◆ **WORK INSTRUCTIONS**:
Copy each line of the records that includes "else".

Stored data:
(* Let $(X,\beta)$ be a locally finite prechart. For all $x,y\in X$, $\mathsf{bd}_\beta(x,y)=\inf_{i\in\mathbb{N}}\Phi^{(i)}_\beta(x,y)$, where $\Phi^{(0)}_\beta$ is the discrete pseudometric on $X$ and $\Phi^{(i+1)}_\beta=\Phi_\beta(\Phi^{(i)}_\beta)$.
   Context: Fix a set $V=\{v_1,v_2,\dots\}$ of variables and a set $\Sigma$ of letters. A prechart is a pair $(X,\beta)$ with $\beta:X\to P_{\mathrm{fin}}(\Sigma\times X+V)$; write $x\xrightarrow{a}x'$ iff $(a,x')\in\beta(x)$. It is locally finite if from each state only finitely many states are reachable by transitions. A 1-bounded pseudometric on $X$ is $d:X\times X\to[0,1]$ with $d(x,x)=0$, symmetry and triangle inequality; $D_X$ is the set of these, ordered pointwise. The discrete pseudometric is $\top(x,y)=0$ if $x=y$ and $1$ otherwise. For $d\in D_X$, $d^\uparrow$ on $\Sigma\times X+V$ is $d^\uparrow((a,x),(a,y))=\tfrac12 d(x,y)$, $d^\uparrow(m,n)=0$ if $m=n$, $1$ otherwise. $\mathcal H(d)(A,B)=\max\{\sup_{x\in A}\inf_{y\in B}d(x,y),\sup_{y\in B}\inf_{x\in A}d(y,x)\}$ with $\sup\emptyset=0$, $\inf\emptyset=1$. $\Phi_\beta(d)(x,y)=\mathcal H(d^\uparrow)(\beta(x),\beta(y))$, a monotone map on $D_X$; $\mathsf{bd}_\beta$ is its least fixpoint. *)

From mathcomp Require Import all_boot all_order all_algebra.
From mathcomp Require Import all_classical all_reals.
From Stdlib Require List.
Set Implicit Arguments. Unset Strict Implicit. Unset Printing Implicit Defensive.
Import Order.TTheory GRing.Theory Num.Theory.
Local Open Scope classical_set_scope.
Local Open Scope ring_scope.
(* Let $n=4k$ with $k\ge2$, let $u_1,\ldots,u_k\in\mathbb{F}_{2^{2k}}^*$ satisfy $u_iu_j^{2^k}\in\mathbb{F}_{2^k}^*$ for all $1\le i<j\le k$, and let $\omega$ be a generator of the cyclic group $U=\{x\in\mathbb{F}_{2^{2k}}: x^{2^k+1}=1\}$. Let $t$ be a positive integer, $F_1,\ldots,F_t$ reduced polynomials in $\mathbb{F}_2[X_1,\ldots,X_k]$, and $f_i(x)=F_i(\mathrm{Tr}^n_1(u_1x),\ldots,\mathrm{Tr}^n_1(u_kx))$. Then $\widehat H(x)=(\mathrm{Tr}^n_k(\omega x^{2^k+1}),f_1(x),\ldots,f_t(x))$ is a vectorial plateaued $(n,k+t)$-function if and only if the $(n,t)$-function $(f_1,\ldots,f_t)$ is vectorial plateaued.
   Context: $\mathrm{Tr}^m_1(x)=\sum_{i=0}^{m-1}x^{2^i}$, $\mathrm{Tr}^{4k}_k(x)=x+x^{2^k}+x^{2^{2k}}+x^{2^{3k}}$. $\widehat H:\mathbb{F}_{2^n}\to\mathbb{F}_{2^k}\times\mathbb{F}_2^t$ has components $\mathrm{Tr}^k_1(\lambda\,\mathrm{Tr}^n_k(\omega x^{2^k+1}))+\sum_iv_if_i(x)$, $(\lambda,v)\ne(0,0)$. A Boolean function $f$ is plateaued if $W_f(a)=\sum_x(-1)^{f(x)+\mathrm{Tr}^n_1(ax)}$ takes values in $\{0,\pm2^s\}$ for some $n/2\le s\le n$; a vectorial function is vectorial plateaued if all its components are plateaued. A reduced polynomial is a multilinear polynomial over $\mathbb{F}_2$. *)

From HB Require Import structures.
From mathcomp Require Import all_boot all_order all_algebra all_field.
From mathcomp Require Import mpoly.
Set Implicit Arguments. Unset Strict Implicit. Unset Printing Implicit Defensive.
Import GRing.Theory.
Local Open Scope ring_scope.

Section Defs.
Variable L : finFieldType.

Definition tr1 (m : nat) (x : L) : L := \sum_(i < m) x ^+ (2 ^ i).

Definition trrel (m k : nat) (x : L) : L := \sum_(i < m %/ k) x ^+ (2 ^ (k * i)).

(* Walsh transform of a Boolean function f : F_{2^n} -> F_2 (n = degree of L) *)
Definition walsh (n : nat) (f : L -> bool) (a : L) : int :=
  \sum_(x : L) (-1) ^+ (f x (+) (tr1 n (a * x) != 0)).

Definition plateaued (n : nat) (f : L -> bool) : Prop :=
  exists s : nat, (n <= 2 * s)%N /\ (s <= n)%N /\
    forall a : L, walsh n f a = 0 \/ walsh n f a = (2 ^ s)%:Z \/
                  walsh n f a = - (2 ^ s)%:Z.

Definition bcomb (t : nat) (v : 'I_t -> bool) (fs : 'I_t -> L -> bool) (x : L) : bool :=
  \big[addb/false]_(i < t) (v i && fs i x).

Definition vplateaued (n t : nat) (fs : 'I_t -> L -> bool) : Prop :=
  forall v : 'I_t -> bool, (exists i, v i) -> plateaued n (bcomb v fs).

(* the (n,k+t)-function Hhat(x) = (Tr^n_k(w x^(2^k+1)), f_1(x), ..., f_t(x)),
   with components Tr^k_1(lam Tr^n_k(w x^(2^k+1))) + sum_i v_i f_i(x),
   lam in F_{2^k}, v in F_2^t, (lam,v) <> (0,0) *)
Definition Hhat_component (n k t : nat) (w : L) (fs : 'I_t -> L -> bool)
    (lam : L) (v : 'I_t -> bool) (x : L) : bool :=
  (tr1 k (lam * trrel n k (w * x ^+ (2 ^ k + 1))) != 0) (+) bcomb v fs x.

Definition Hhat_vplateaued (n k t : nat) (w : L) (fs : 'I_t -> L -> bool) : Prop :=
  forall (lam : L) (v : 'I_t -> bool),
    lam ^+ (2 ^ k) = lam -> (lam != 0 \/ exists i, v i) ->
    plateaued n (Hhat_component n k w fs lam v).

End Defs.

Definition reduced (k : nat) (P : {mpoly 'F_2[k]}) : Prop :=
  forall m, m \in msupp P -> forall i : 'I_k, (m i <= 1)%N.

(* f(x) = F(Tr^n_1(u_1 x), ..., Tr^n_1(u_k x)); Tr^n_1 values in F_2 = {0,1} *)
Definition fF (L : finFieldType) (n k : nat) (u : 'I_k -> L) (P : {mpoly 'F_2[k]})
    (x : L) : bool :=
  P.@[fun j : 'I_k => ((tr1 n (u j * x) != 0 : bool)%:R : 'F_2)] != 0.

From HB Require Import structures.
From mathcomp Require Import all_boot all_order all_algebra all_field.
From mathcomp Require Import mpoly.
From mathcomp Require Import zify ring.
Set Implicit Arguments. Unset Strict Implicit. Unset Printing Implicit Defensive.
Import GRing.Theory Num.Theory.
Local Open Scope ring_scope.

(* Every component of H^ with lam != 0 is bent, so only the components with
   lam = 0, i.e. those of (f_1, ..., f_t), matter.  Put
   g(x) = Tr(lam w x^(2^k+1)); then g(x + z) = g(x) + g(z) + Tr(x L(z)) for an
   F_2-linear bijection L of F_(2^n).  Substituting x = y + z turns the Walsh
   transform of g + G(Tr(u_1 x), ..., Tr(u_k x)) at L(z) into +-1 times a sum
   over y of (-1)^g(y) H(Tr(u_1 y), ..., Tr(u_k y)).  The u_j lie in
   F_(2^(2k)), where g vanishes and which L maps onto itself, so W_g is
   constant there, and Fourier inversion on F_2^k collapses the sum to
   W_g(0) H(0).  Hence every Walsh coefficient is +-W_g(0), and Parseval
   gives W_g(0)^2 = 2^n. *)

Lemma sum_eq0_sign_flip (T : finType) (F : T -> int) (s : T -> T) :
  injective s -> (forall x, F (s x) = - F x) -> \sum_x F x = 0.
Proof.
move=> s_inj Fs; set S := \sum_x F x.
have S_opp : S = - S.
  by rewrite {1}/S (reindex_inj s_inj) /= -sumrN; apply: eq_bigr => x _.
by apply/eqP; rewrite -[S == 0]orFb -(mulrn_eq0 S 2) mulr2n {1}S_opp addNr.
Qed.

Lemma eq_plateaued (L : finFieldType) n (f h : L -> bool) :
  f =1 h -> plateaued n f -> plateaued n h.
Proof.
move=> fh [s [s_lb [s_ub Wf]]]; exists s; split; [|split] => // a.
have -> : walsh n h a = walsh n f a by apply: eq_bigr => x _; rewrite fh.
exact: Wf.
Qed.

Lemma eq_meval (R : comRingType) k (v1 v2 : 'I_k -> R) (p : {mpoly R[k]}) :
  v1 =1 v2 -> p.@[v1] = p.@[v2].
Proof.
by move=> v12; rewrite !mevalE; apply: eq_bigr => m _; under eq_bigr do rewrite v12.
Qed.

Lemma expr_pow2_fixM (R : pzSemiRingType) (x : R) j m :
  x ^+ (2 ^ j) = x -> x ^+ (2 ^ (j * m)) = x.
Proof.
by move=> xj; elim: m => [|m IHm]; rewrite ?muln0 ?expr1 // mulnS expnD exprM xj.
Qed.

Lemma dvdn_pred_pow4 a : (a + 1 %| (a ^ 4).-1)%N.
Proof.
case: a => // a; apply/dvdnP; exists (a * (a.+1 ^ 2 + 1))%N.
by apply/eqP; rewrite -eqSS prednK ?expn_gt0 //; apply/eqP; ring.
Qed.

Lemma unit_circle_fixed (R : pzRingType) (x : R) a :
  (0 < a)%N -> x ^+ (a + 1) = 1 -> x ^+ (a ^ 2) = x.
Proof.
case: a => // a _ xa; have -> : (a.+1 ^ 2 = (a + 2) * a + 1)%N by ring.
by rewrite exprD exprM addn2 -addn1 xa expr1n mul1r.
Qed.

Lemma exists_root_of_unity_neq1 (F : finFieldType) d :
  (d %| #|F|.-1)%N -> (1 < d)%N -> exists2 x : F, x != 1 & x ^+ d = 1.
Proof.
move=> d_dvd d_gt1.
have F_gt1 : (1 < #|F|)%N by rewrite (cardD1 0) (cardD1 1) !inE oner_eq0.
have q_gt0 : (0 < #|F|.-1)%N by rewrite -ltnS prednK // ltnW.
set m := (#|F|.-1 %/ d)%N.
have [y y_neq0 ym] : exists2 y : F, y != 0 & y ^+ m != 1.
  apply/exists_inP; apply: contraT; rewrite negb_exists_in => /forall_inP ym1.
  have m_gt0 : (0 < m)%N by rewrite divn_gt0 ?(ltnW d_gt1) // dvdn_leq.
  have := @max_unity_roots F m (enum (predC1 0)) m_gt0.
  rewrite enum_uniq -cardE cardC1 leqNgt ltn_Pdiv //; apply => //.
  by apply/allP => z; rewrite mem_enum unity_rootE => /ym1; rewrite negbK.
exists (y ^+ m) => //; rewrite -exprM divnK //.
by apply: (mulIf y_neq0); rewrite -exprSr prednK ?expf_card ?mul1r // ltnW.
Qed.

Lemma unit_circle_generator_neq1 (L : finFieldType) k (w : L) :
  #|L| = (2 ^ (4 * k))%N ->
  (forall x : L, x ^+ (2 ^ (2 * k)) = x -> x ^+ (2 ^ k + 1) = 1 ->
     exists j : nat, x = w ^+ j) ->
  w != 1.
Proof.
move=> cardL w_gen.
have U_dvd : (2 ^ k + 1 %| #|L|.-1)%N by rewrite cardL mulnC expnM dvdn_pred_pow4.
have U_gt1 : (1 < 2 ^ k + 1)%N by rewrite addn1 ltnS expn_gt0.
have [x x_neq1 x_norm] := exists_root_of_unity_neq1 U_dvd U_gt1.
have x_2k : x ^+ (2 ^ (2 * k)) = x by rewrite mulnC expnM unit_circle_fixed ?expn_gt0.
have [j xE] := w_gen x x_2k x_norm.
by apply: contraNneq x_neq1 => w1; rewrite xE w1 expr1n.
Qed.

Section BooleanFourier.
Variable k : nat.
Local Notation bvec := {ffun 'I_k -> bool}.

Definition dotb (c d : bvec) : bool := \big[addb/false]_i (c i && d i).

Definition xorv (d e : bvec) : bvec := [ffun j => d j (+) e j].

Lemma dotb0 c : dotb c [ffun => false] = false.
Proof. by rewrite /dotb big1 // => i _; rewrite ffunE andbF. Qed.

Lemma dotb_xorv c d e : dotb c (xorv d e) = dotb c d (+) dotb c e.
Proof.
by rewrite /dotb -big_split /=; apply: eq_bigr => j _; rewrite ffunE; case: (c j).
Qed.

Lemma xor0v d : xorv [ffun => false] d = d.
Proof. by apply/ffunP => j; rewrite !ffunE. Qed.

Lemma xorv_eq0 d e : (xorv d e == [ffun => false]) = (d == e).
Proof.
apply/eqP/eqP => [/ffunP de0|<-]; apply/ffunP => j; rewrite ?ffunE ?addbb //.
by move: (de0 j); rewrite !ffunE; case: (d j); case: (e j).
Qed.

Lemma sum_sign_dotb d :
  \sum_c (-1) ^+ dotb c d = if d == [ffun => false] then (2 ^ k)%:R else 0 :> int.
Proof.
case: eqP => [->|/eqP d_neq0].
  under eq_bigr do rewrite dotb0.
  by rewrite sumr_const card_ffun card_bool card_ord.
have [i di] : exists i, d i.
  apply/existsP; apply: contraNT d_neq0; rewrite negb_exists => /forallP d0.
  by apply/eqP/ffunP => j; rewrite ffunE; apply/negbTE.
pose flip (c : bvec) : bvec := [ffun j => (j == i) (+) c j].
apply: (@sum_eq0_sign_flip _ _ flip).
  by apply: (can_inj (g := flip)) => c; apply/ffunP => j; rewrite !ffunE addbA addbb.
move=> c; rewrite -signrN; congr (_ ^+ _).
rewrite /dotb (bigD1 i) //= [in RHS](bigD1 i) //= ffunE eqxx di !andbT addNb.
by congr (~~ (_ (+) _)); apply: eq_bigr => j ji; rewrite ffunE (negbTE ji).
Qed.

Lemma fourier_inversion (H : bvec -> int) d :
  \sum_c (\sum_e H e * (-1) ^+ dotb c e) * (-1) ^+ dotb c d = H d * (2 ^ k)%:R.
Proof.
have inner e : \sum_c H e * (-1) ^+ dotb c e * (-1) ^+ dotb c d =
    H e * (if e == d then (2 ^ k)%:R else 0).
  rewrite -xorv_eq0 -sum_sign_dotb mulr_sumr; apply: eq_bigr => c _.
  by rewrite dotb_xorv signr_addb mulrA.
under eq_bigr do rewrite mulr_suml.
rewrite exchange_big /=; under eq_bigr do rewrite inner.
by rewrite (bigD1 d) //= eqxx big1 ?addr0 // => e /negbTE ->; rewrite mulr0.
Qed.

End BooleanFourier.

Section BinaryField.
Variables (L : finFieldType) (n : nat).
Hypothesis cardL : #|L| = (2 ^ n)%N.

Lemma pchar2_card : 2 \in [pchar L].
Proof. exact: (@card_finPcharP L 2 n cardL). Qed.

Lemma exprD_pow2 m (x y : L) : (x + y) ^+ (2 ^ m) = x ^+ (2 ^ m) + y ^+ (2 ^ m).
Proof. by apply: exprDn_pchar; rewrite pnatX pnatE // pchar2_card. Qed.

Lemma sumr_expr_pow2 m I (r : seq I) (P : pred I) (F : I -> L) :
  (\sum_(i <- r | P i) F i) ^+ (2 ^ m) = \sum_(i <- r | P i) F i ^+ (2 ^ m).
Proof.
apply: (big_morph (fun x => x ^+ (2 ^ m))); first exact: exprD_pow2.
by rewrite expr0n expn_eq0.
Qed.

◆ **WRITTEN RESPONSE**:
  \sum_c (-1) ^+ dotb c d = if d == [ffun => false] then (2 ^ k)%:R else 0 :> int.
    H e * (if e == d then (2 ^ k)%:R else 0).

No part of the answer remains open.